The project attempts to analyze the suicide rates patterns and its link to certain variables across several countries and age group Suicide rates are one of the leading cause of deaths. I tried to identify the relationship between suicide rates and growing population, gdp percapita or if its affiliated with certain age groups and Gender.
2. Data Preparation
Loading the Libraries
The numpy, pandas library was used for analysis while the matplotlib, seaborn for visualizing the dataset.
Importing the dataset
The dataset was imported in csv format using the pandas library
Data Cleaning
The dataset was checked for missing values. after checking the shape to identify the number of rows and columns, the datatype was also checked.
Analysis and Visualization
Check the frequency table for the age ranges.
Bar plot to check the number of Suicides by top Countries
The barplot shows that the russian federation have the highest number of suicide rates, followed by the united stetes and the least being the UK and Poland. This was done by grouping the suicide number by countries.
Bar plot to check the number of Suicides by top Countries
The bar plot of the Number of suicides by age shows that suicide rates are more common within the age group 35-54, 55-74, while it is very low between 5-14years viewing this pattern accross the whole countries.
Plot of Suicide by Sex
Based on the size of the bars, there seems to be a significantly more suicides among male than among female.
Plot of Number of Suicides versus generation
The suicides rate for Baby Boomers(People born after the second world war) seems to be high compared to the others.
Plot of Number of Suicides versus Population
This is a numerical vs numerical data, so, scatter plot will be a good preference.
In order to a more clearer picture to establish this relationship, we introduce a regression line.
To view the relationship lineraly, using a line plot
We can observe that there appears to be a significant relationship between the suicide rate and population. While majority of suicide rates was seen to decrease with decreased population P1, it is worthy of note that, in few areas, suicide rates did not increase in a direct proportion with the population P2, P3. This means that globally population explosion is not usually responsible for high suicide rates recorded.
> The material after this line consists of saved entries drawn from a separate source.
(* Let $P$ be a convex polygon, let $\mathcal{R}$ be the smallest axis-parallel rectangle containing $P$, with side lengths $L\ge W>0$, and let $r=\frac14\sqrt{L^2+4W^2}$. Suppose that $P$ has three vertices forming a triangle such that one of these vertices coincides with a corner of $\mathcal{R}$ and the other two lie respectively on the two sides of $\mathcal{R}$ not incident to that corner. Then $r\le 2\,r_{opt}(P)$.
   Context: For a compact set $X\subset\mathbb{R}^2$, $r_{opt}(X)$ denotes the minimum $r$ such that two closed disks of radius $r$ have union containing $X$. The number $r$ is the radius of the two congruent disks circumscribing the two halves $\frac L2\times W$ of $\mathcal{R}$. *)

From HB Require Import structures.
From mathcomp Require Import all_boot all_order all_algebra.
From mathcomp Require Import all_classical all_reals.
Set Implicit Arguments. Unset Strict Implicit. Unset Printing Implicit Defensive.
Import Order.TTheory GRing.Theory Num.Theory.
Local Open Scope ring_scope.
Local Open Scope classical_set_scope.

Section Defs.
Variable R : realType.
Definition pt := (R * R)%type.

Definition conv_hull (n : nat) (v : 'I_n -> pt) : set pt :=
  [set p | exists w : 'I_n -> R,
     (forall i, 0 <= w i) /\ \sum_(i < n) w i = 1 /\
     p.1 = \sum_(i < n) w i * (v i).1 /\ p.2 = \sum_(i < n) w i * (v i).2].

Definition is_vertex (P : set pt) (x : pt) : Prop :=
  P x /\ forall y z (t : R), P y -> P z -> 0 < t < 1 ->
    x = (t * y.1 + (1 - t) * z.1, t * y.2 + (1 - t) * z.2) -> y = z.

Definition rect (a b c d : R) : set pt :=
  [set p | a <= p.1 <= b /\ c <= p.2 <= d].

Definition is_bbox (P : set pt) (a b c d : R) : Prop :=
  P `<=` rect a b c d /\
  forall a' b' c' d', P `<=` rect a' b' c' d' -> rect a b c d `<=` rect a' b' c' d'.

Definition disk (c : pt) (r : R) : set pt :=
  [set p | (p.1 - c.1) ^+ 2 + (p.2 - c.2) ^+ 2 <= r ^+ 2].

Definition r_opt (X : set pt) : R :=
  inf [set r : R | 0 <= r /\ exists c1 c2 : pt, X `<=` disk c1 r `|` disk c2 r].

Definition noncollinear (p q s : pt) : Prop :=
  (q.1 - p.1) * (s.2 - p.2) - (q.2 - p.2) * (s.1 - p.1) != 0.
End Defs.

From HB Require Import structures.
From mathcomp Require Import all_boot all_order all_algebra.
From mathcomp Require Import all_classical all_reals.
From mathcomp Require Import ring lra.
Import Order.TTheory GRing.Theory Num.Theory.
Local Open Scope ring_scope.
Local Open Scope classical_set_scope.

(* The corner p1, the vertices p2, p3 on the opposite sides, and the midpoints
   of p1p2 and p1p3 all lie in P.  If two disks of radius r cover P, then two
   of p1, p2, p3 lie in a common disk, so one of the sides of the triangle
   has length at most 2r; and a midpoint shares a disk with one endpoint of its
   segment unless the endpoints share one, so |p1p2| and |p1p3| are at most 4r.
   In coordinates relative to the corner these three bounds force
   L^2 + 4 W^2 <= 64 r^2. *)

Section CornerInequality.
Context {R : realFieldType}.

(* X, Y: sides of the bounding box; p2 - p1 = (X, s), p3 - p1 = (t, Y). *)
Lemma corner_triangle_ineq {X Y s t e : R} :
  0 <= s <= Y -> Y <= X -> 0 <= t <= X ->
  X ^+ 2 + s ^+ 2 <= 4 * e -> t ^+ 2 + Y ^+ 2 <= 4 * e ->
  [\/ X ^+ 2 + s ^+ 2 <= e, t ^+ 2 + Y ^+ 2 <= e
    | (X - t) ^+ 2 + (s - Y) ^+ 2 <= e] ->
  X ^+ 2 + 4 * Y ^+ 2 <= 16 * e.
Proof.
move=> /andP[s_ge0 sY] YX /andP[t_ge0 tX] d12 d13.
have Y2X2 : Y ^+ 2 <= X ^+ 2 by rewrite ler_sqr ?nnegrE; lra.
have s2_ge0 := sqr_ge0 s; have t2_ge0 := sqr_ge0 t.
case=> [d12e|d13e|d23e]; first lra; first lra.
(* 3/10 (t - 2X/3)^2 + 3/10 (s - 2Y/3)^2 + (5 X^2 - 4 Y^2)/48 is the gap. *)
have weighted : (X ^+ 2 + 4 * Y ^+ 2) / 16 <= (X ^+ 2 + s ^+ 2) / 10
    + (t ^+ 2 + Y ^+ 2) / 10 + ((X - t) ^+ 2 + (s - Y) ^+ 2) / 5.
  have := sqr_ge0 (t - 2 * X / 3); have := sqr_ge0 (s - 2 * Y / 3); nra.
lra.
Qed.

Lemma corner_triangle_ineq_sym {X Y s t e L W : R} :
  0 <= s <= Y -> 0 <= t <= X ->
  (L = X /\ W = Y) \/ (L = Y /\ W = X) -> W <= L ->
  X ^+ 2 + s ^+ 2 <= 4 * e -> t ^+ 2 + Y ^+ 2 <= 4 * e ->
  [\/ X ^+ 2 + s ^+ 2 <= e, t ^+ 2 + Y ^+ 2 <= e
    | (X - t) ^+ 2 + (s - Y) ^+ 2 <= e] ->
  L ^+ 2 + 4 * W ^+ 2 <= 16 * e.
Proof.
move=> hs ht [[eL eW]|[eL eW]] WL d12 d13 d; subst L W.
  exact: corner_triangle_ineq hs WL ht d12 d13 d.
have d23C : (Y - s) ^+ 2 + (t - X) ^+ 2 = (X - t) ^+ 2 + (s - Y) ^+ 2.
  by rewrite addrC -[(t - X) ^+ 2]sqrrN -[(Y - s) ^+ 2]sqrrN !opprB.
apply: (corner_triangle_ineq ht WL hs); rewrite 1?d23C 1?[Y ^+ 2 + _]addrC
  1?[s ^+ 2 + _]addrC //.
by case: d => d; [apply: Or32 | apply: Or31 | apply: Or33].
Qed.

End CornerInequality.

Section CornerOffsets.
Context {R : realDomainType}.

Lemma sqrrB_norm (u w : R) : 0 <= u * w -> (u - w) ^+ 2 = (`|u| - `|w|) ^+ 2.
Proof.
move=> uw_ge0; rewrite !sqrrB -normrM ger0_norm //.
by rewrite !real_normK ?num_real.
Qed.

Lemma corner_offsets {a b x0 x1 x2 : R} :
  (x0 = a /\ x1 = b) \/ (x0 = b /\ x1 = a) -> a <= x2 <= b ->
  [/\ 0 <= (x1 - x0) * (x2 - x0), `|x2 - x0| <= `|x1 - x0| & `|x1 - x0| = b - a].
Proof.
move=> [[-> ->]|[-> ->]] /andP[ax2 x2b]; have ab : a <= b := le_trans ax2 x2b.
  by rewrite !ger0_norm ?subr_ge0 //; split; nra.
by rewrite !ler0_norm ?subr_le0 //; split; nra.
Qed.

End CornerOffsets.

Section Plane.
Context {R : realType}.
Implicit Types (p q s c : pt R) (r : R).

Definition sqdist p q : R := (p.1 - q.1) ^+ 2 + (p.2 - q.2) ^+ 2.

Definition midpoint p q : pt R := ((p.1 + q.1) / 2, (p.2 + q.2) / 2).

Lemma sqdistC p q : sqdist p q = sqdist q p.
Proof. by rewrite /sqdist -sqrrN opprB -[(p.2 - _) ^+ 2]sqrrN opprB. Qed.

Lemma sqdist_midpointl p q : sqdist p (midpoint p q) = sqdist p q / 4.
Proof. by rewrite /sqdist /=; field; rewrite ?pnatr_eq0. Qed.

Lemma sqdist_midpointr p q : sqdist q (midpoint p q) = sqdist p q / 4.
Proof. by rewrite /sqdist /=; field; rewrite ?pnatr_eq0. Qed.

Lemma sqdist_disk {c r p q} : disk c r p -> disk c r q -> sqdist p q <= 4 * r ^+ 2.
Proof.
rewrite /disk /sqdist /= => hp hq.
have := sqr_ge0 ((p.1 - c.1) + (q.1 - c.1)).
have := sqr_ge0 ((p.2 - c.2) + (q.2 - c.2)).
nra.
Qed.

Lemma conv_hull_midpoint {n} {v : 'I_n -> pt R} {p q} :
  conv_hull v p -> conv_hull v q -> conv_hull v (midpoint p q).
Proof.
move=> [w [w_ge0 [w1 [px py]]]] [w' [w'_ge0 [w'1 [qx qy]]]].
exists (fun i => (w i + w' i) / 2); split.
  by move=> i; apply: divr_ge0; [apply: addr_ge0 | ].
split; first by rewrite -mulr_suml big_split /= w1 w'1; field.
rewrite /midpoint /= px py qx qy -!big_split /= !mulr_suml.
by split; apply: eq_bigr => i _; field.
Qed.

Lemma rect_sub_disk_corner {a b c d : R} : a <= b -> c <= d ->
  rect a b c d `<=` disk (a, c) ((b - a) + (d - c)).
Proof.
by move=> ab cd p [/andP[ap pb] /andP[cp pd]]; rewrite /disk /=; nra.
Qed.

Section TwoDisks.
Context {c1 c2 : pt R} {r : R}.
Local Notation cover := (disk c1 r `|` disk c2 r).

Lemma two_disks_pigeonhole {p q s} : cover p -> cover q -> cover s ->
  [\/ sqdist p q <= 4 * r ^+ 2, sqdist p s <= 4 * r ^+ 2
    | sqdist q s <= 4 * r ^+ 2].
Proof.
by move=> [hp|hp] [hq|hq] [hs|hs];
  first [ by apply: Or31; exact: sqdist_disk hp hq
        | by apply: Or32; exact: sqdist_disk hp hs
        | by apply: Or33; exact: sqdist_disk hq hs ].
Qed.

(* The midpoint shares a disk with an endpoint, unless both endpoints share one. *)
Lemma sqdist_midpoint_cover {p q} : cover p -> cover q -> cover (midpoint p q) ->
  sqdist p q <= 4 * (4 * r ^+ 2).
Proof.
move=> hp hq hm; have := sqr_ge0 r.
by case: (two_disks_pigeonhole hp hq hm);
  rewrite ?sqdist_midpointl ?sqdist_midpointr => d; lra.
Qed.

Lemma corner_cover_bound {p1 p2 p3} {L W : R} :
  0 <= (p2.1 - p1.1) * (p3.1 - p1.1) -> `|p3.1 - p1.1| <= `|p2.1 - p1.1| ->
  0 <= (p3.2 - p1.2) * (p2.2 - p1.2) -> `|p2.2 - p1.2| <= `|p3.2 - p1.2| ->
  (L = `|p2.1 - p1.1| /\ W = `|p3.2 - p1.2|) \/
    (L = `|p3.2 - p1.2| /\ W = `|p2.1 - p1.1|) -> W <= L ->
  cover p1 -> cover p2 -> cover p3 ->
  cover (midpoint p1 p2) -> cover (midpoint p1 p3) ->
  L ^+ 2 + 4 * W ^+ 2 <= 16 * (4 * r ^+ 2).
Proof.
move=> x_sign tX y_sign sY LW WL h1 h2 h3 h12 h13.
have normK (u : R) : `|u| ^+ 2 = u ^+ 2 := real_normK (num_real u).
have d12 : sqdist p1 p2 = `|p2.1 - p1.1| ^+ 2 + `|p2.2 - p1.2| ^+ 2.
  by rewrite sqdistC /sqdist !normK.
have d13 : sqdist p1 p3 = `|p3.1 - p1.1| ^+ 2 + `|p3.2 - p1.2| ^+ 2.
  by rewrite sqdistC /sqdist !normK.
have d23 : sqdist p2 p3 = (`|p2.1 - p1.1| - `|p3.1 - p1.1|) ^+ 2
    + (`|p2.2 - p1.2| - `|p3.2 - p1.2|) ^+ 2.
  rewrite -!sqrrB_norm ?[_ * (p3.2 - _)]mulrC // /sqdist.
  by congr (_ ^+ 2 + _ ^+ 2); rewrite opprB addrA subrK.
have s_range : 0 <= `|p2.2 - p1.2| <= `|p3.2 - p1.2| by rewrite normr_ge0.
have t_range : 0 <= `|p3.1 - p1.1| <= `|p2.1 - p1.1| by rewrite normr_ge0.
apply: (corner_triangle_ineq_sym s_range t_range LW WL).
- by rewrite -d12; exact: sqdist_midpoint_cover h1 h2 h12.
- by rewrite -d13; exact: sqdist_midpoint_cover h1 h3 h13.
- by rewrite -d12 -d13 -d23; exact: two_disks_pigeonhole h1 h2 h3.
Qed.

End TwoDisks.
End Plane.

Theorem lemma2 (R : realType) (n : nat) (v : 'I_n -> pt R)
  (a b c d L W : R) (p1 p2 p3 : pt R) :
  is_bbox (conv_hull v) a b c d ->
  ((L = b - a /\ W = d - c) \/ (L = d - c /\ W = b - a)) ->
  W <= L -> 0 < W ->
  is_vertex (conv_hull v) p1 -> is_vertex (conv_hull v) p2 ->
  is_vertex (conv_hull v) p3 -> noncollinear p1 p2 p3 ->
  ((p1.1 = a /\ p2.1 = b) \/ (p1.1 = b /\ p2.1 = a)) ->
  ((p1.2 = c /\ p3.2 = d) \/ (p1.2 = d /\ p3.2 = c)) ->
  Num.sqrt (L ^+ 2 + 4 * W ^+ 2) / 4 <= 2 * r_opt (conv_hull v).
Proof.
move=> [hull_rect _] LW WL _ [hp1 _] [hp2 _] [hp3 _] _ hx hy.
have [p3x _] := hull_rect _ hp3.
have [_ p2y] := hull_rect _ hp2.
have [x_sign tX X_eq] := corner_offsets hx p3x.
have [y_sign sY Y_eq] := corner_offsets hy p2y.
rewrite -X_eq -Y_eq in LW.
suff : Num.sqrt (L ^+ 2 + 4 * W ^+ 2) / 8 <= r_opt (conv_hull v) by lra.
apply: lb_le_inf.
  exists ((b - a) + (d - c)); split; first by rewrite -X_eq -Y_eq addr_ge0.
  exists (a, c), (a, c) => p /hull_rect hp; left.
  by apply: rect_sub_disk_corner hp; rewrite -subr_ge0 -?X_eq -?Y_eq.
move=> r [r_ge0 [c1 [c2 cover]]].
have bound := corner_cover_bound x_sign tX y_sign sY LW WL (cover _ hp1) (cover _ hp2)
  (cover _ hp3) (cover _ (conv_hull_midpoint hp1 hp2))
  (cover _ (conv_hull_midpoint hp1 hp3)).
have : Num.sqrt (L ^+ 2 + 4 * W ^+ 2) <= Num.sqrt ((8 * r) ^+ 2).
  by apply: ler_wsqrtr; lra.
by rewrite sqrtr_sqr ger0_norm; lra.
Qed.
Effect of gdp percapita on the Suicide rate
For a population sample of a hundred thousand (100K), contrary to the convention, from the scatter plot, we can see certain countries G1 Has a high number of suicide rates when the gdp percapita was from less than $50000. However, another 100K population sample G2 showed a reduction in suicide rate as the gdp percapita increased. The gdp percapita is the monetary value of a country per person. In general, from the data, on the left side G1, we have more of a low suicide rates when the gdp per capita is low and few low suicide rate when the gdp per capita is high at G2. Note that this plot cut across all the countries.
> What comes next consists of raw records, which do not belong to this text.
Definition k1_connected (T : finType) (k : nat) (U : {set T}) (f : rel T) : Prop :=
  k.+2 <= #|U| /\
  forall S : {set T}, S \subset U -> #|S| = k ->
    connected_on (U :\: S) f /\ 2 <= #|U :\: S|.

Definition has_k1_connected_subgraph (T : finType) (e : rel T) (k : nat) : Prop :=
  exists (U : {set T}) (f : rel T),
    (forall x y, f x y -> [&& x \in U, y \in U & e x y]) /\
    symmetric f /\ irreflexive f /\ k1_connected k U f.

From mathcomp Require Import all_boot all_order all_algebra.
From mathcomp Require Import zify lra.
From Stdlib Require Import Classical.
Set Implicit Arguments. Unset Strict Implicit. Unset Printing Implicit Defensive.

(* Suppose G has no (k+1)-connected subgraph. Then every vertex set W with
   |W| >= k + 2 has a separator S of size k, with sides A and B, and the edges
   of G[W] are those of G[A + S] together with those meeting B. A side A with
   |A| >= k + 2 loses little when shrunk: some vertex of A has fewer than
   (|A| + |S| + k) / 2 neighbours in A + S, or some vertex of S has at most k
   neighbours in A, since otherwise two non-adjacent vertices of A have more
   than k common neighbours and G[A + S] is (k+1)-connected. Induction on |W|
   gives e(G[W]) <= C(k,2) + k x + x^2/6 for x = |W| - k, and, once x >= 3k/2,
   the linear bound e(G[W]) <= 19 k x / 12, which is the theorem for W = V(G). *)

Section ArcCounting.
Variables (T : finType) (e : rel T).
Hypotheses (e_sym : symmetric e) (e_irr : irreflexive e).

Definition nbhd (u : T) (Y : {set T}) : {set T} := [set v in Y | e u v].

(* [arcs W W] is twice the number of edges of G[W]. *)
Definition arcs (X Y : {set T}) : nat := \sum_(u in X) #|nbhd u Y|.

Lemma card_nbhdE u (Y : {set T}) : #|nbhd u Y| = \sum_(v in Y) (e u v : nat).
Proof.
rewrite /nbhd -sum1_card big_mkcond [RHS]big_mkcond /=.
by apply: eq_bigr => v _; rewrite inE; case: (v \in Y); case: (e u v).
Qed.

Lemma card_nbhd_le u (Y : {set T}) : #|nbhd u Y| <= #|Y|.
Proof. by apply: subset_leq_card; apply/subsetP => v; rewrite inE => /andP[]. Qed.

Lemma card_nbhd_self_le u (Y : {set T}) : u \in Y -> #|nbhd u Y| <= #|Y| - 1.
Proof.
move=> uY; rewrite (cardsD1 u Y) uY add1n subn1.
apply: subset_leq_card; apply/subsetP => v; rewrite !inE => /andP[-> euv].
by rewrite andbT; apply: contraTneq euv => ->; rewrite e_irr.
Qed.

Lemma arcsC (X Y : {set T}) : arcs X Y = arcs Y X.
Proof.
rewrite /arcs; under eq_bigr => u _ do rewrite card_nbhdE.
rewrite exchange_big; apply: eq_bigr => v _; rewrite card_nbhdE.
by apply: eq_bigr => u _; rewrite e_sym.
Qed.

Lemma arcsUl (X1 X2 Y : {set T}) :
  [disjoint X1 & X2] -> arcs (X1 :|: X2) Y = arcs X1 Y + arcs X2 Y.
Proof. by move=> dX; rewrite /arcs (eq_bigl [predU X1 & X2]) ?bigU // => u; rewrite !inE. Qed.

Lemma arcsUr (X Y1 Y2 : {set T}) :
  [disjoint Y1 & Y2] -> arcs X (Y1 :|: Y2) = arcs X Y1 + arcs X Y2.
Proof. by move=> dY; rewrite arcsC arcsUl // !(arcsC _ X). Qed.

Lemma arcsUU (X Y : {set T}) : [disjoint X & Y] ->
  arcs (X :|: Y) (X :|: Y) = arcs X X + 2 * arcs X Y + arcs Y Y.
Proof. by move=> dXY; rewrite arcsUl // !arcsUr // (arcsC Y X); lia. Qed.

Lemma arcs_set1l u (Y : {set T}) : arcs [set u] Y = #|nbhd u Y|.
Proof. by rewrite /arcs big_set1. Qed.

Lemma arcs_le (X Y : {set T}) : arcs X Y <= #|X| * #|Y|.
Proof. by rewrite /arcs -sum_nat_const; apply: leq_sum => u _; apply: card_nbhd_le. Qed.

Lemma arcs_self_le (X : {set T}) : arcs X X <= #|X| * (#|X| - 1).
Proof.
by rewrite /arcs -sum_nat_const; apply: leq_sum => u uX; apply: card_nbhd_self_le.
Qed.

Lemma arcs_eq0 (X Y : {set T}) :
  (forall u v, u \in X -> v \in Y -> ~~ e u v) -> arcs X Y = 0.
Proof.
move=> nXY; rewrite /arcs big1 // => u uX; apply/eqP; rewrite cards_eq0.
apply/eqP/setP => v; rewrite !inE; apply/negbTE/andP => -[vY euv].
by move: (nXY u v uX vY); rewrite euv.
Qed.

Lemma arcs_delete_self u (X : {set T}) : u \in X ->
  arcs X X = arcs (X :\ u) (X :\ u) + 2 * #|nbhd u (X :\ u)|.
Proof.
have d1 : [disjoint [set u] & X :\ u] by rewrite disjoints1 setD11.
move=> uX; rewrite -{1 2}(setD1K uX) arcsUU // !arcs_set1l.
suff -> : #|nbhd u [set u]| = 0 by lia.
apply/eqP; rewrite cards_eq0; apply/eqP/setP => z; rewrite !inE.
by case: eqP => // ->; rewrite e_irr.
Qed.

Lemma arcs_deletel u (X Y : {set T}) : u \in X -> arcs X Y = #|nbhd u Y| + arcs (X :\ u) Y.
Proof. by move=> uX; rewrite -{1}(setD1K uX) arcsUl ?disjoints1 ?setD11 // arcs_set1l. Qed.

Lemma arcs_deleter s (X Y : {set T}) : s \in Y -> arcs X Y = #|nbhd s X| + arcs X (Y :\ s).
Proof. by move=> sY; rewrite arcsC (arcs_deletel X sY) (arcsC (Y :\ s)). Qed.

Lemma arcs_side_deletel u (A S : {set T}) : u \in A -> [disjoint A & S] ->
  arcs A A + 2 * arcs A S <=
  arcs (A :\ u) (A :\ u) + 2 * arcs (A :\ u) S + 2 * #|nbhd u (A :|: S)|.
Proof.
move=> uA dAS; rewrite (arcs_delete_self uA) (arcs_deletel S uA).
have dA'S : [disjoint A :\ u & S] by apply: disjointWl dAS; apply: subsetDl.
suff : #|nbhd u (A :\ u)| + #|nbhd u S| <= #|nbhd u (A :|: S)| by lia.
rewrite -!arcs_set1l -arcsUr // !arcs_set1l; apply: subset_leq_card.
by apply/subsetP => z; rewrite !inE => /andP[/orP[/andP[_ ->]|->] ->]; rewrite ?orbT.
Qed.

Lemma arcs_setT : arcs setT setT = #|[set p : T * T | e p.1 p.2]|.
Proof.
rewrite /arcs big_set; under eq_bigr => u _ do rewrite card_nbhdE big_set.
rewrite pair_bigA /= -sum1_card [RHS]big_mkcond /=.
by apply: eq_bigr => p _; rewrite inE; case: (e p.1 p.2).
Qed.

Lemma endpoints_eq (x y a b : T) : e x y ->
  (e a b && ([set a; b] == [set x; y])) = ((a, b) \in [set (x, y); (y, x)]).
Proof.
move=> exy; rewrite !inE !xpair_eqE; apply/idP/idP; last first.
  case/orP=> /andP[/eqP -> /eqP ->]; first by rewrite exy eqxx.
  by rewrite e_sym exy setUC eqxx.
move=> /andP[eab /eqP ab_xy].
have aP : a \in [set x; y] by rewrite -ab_xy set21.
have bP : b \in [set x; y] by rewrite -ab_xy set22.
case/set2P: aP => ?; case/set2P: bP => ?; subst a b; rewrite ?eqxx ?orbT //.
all: by rewrite e_irr in eab.
Qed.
We can view these correlation among the continous variable using the Heat map
The result of the heat map shows that there exist a small but insignificant correlation between the suicides rate and gdp_percapita($)=0.1
Integrating the data
Bar plot to check the Number of suicides by sex and age to generate a single plot
Trend plot of suicide rates across all the years
Suicide rate began to increase from the year 1985 and gained an upward trend until 2004 where it began to decline gradually and snapped down from the year 2014 to 2015.
3. Summary
Plotting the patterns of specific countries (e.g suicide rates vs population for Albania ,suicide rates vs gdp percapita for UK and others) will help us identify specific features per countries responsible for the general view of the relationship shown in the scatter plot above.
In a global view, the result have shown that there exist a high rate of suicide among men mostly amongst young adults (35-54) and this increase does not necessarily have to do with population explosion while gdp percapita may contribute in a certain ways as shown in the plot in the analysis section.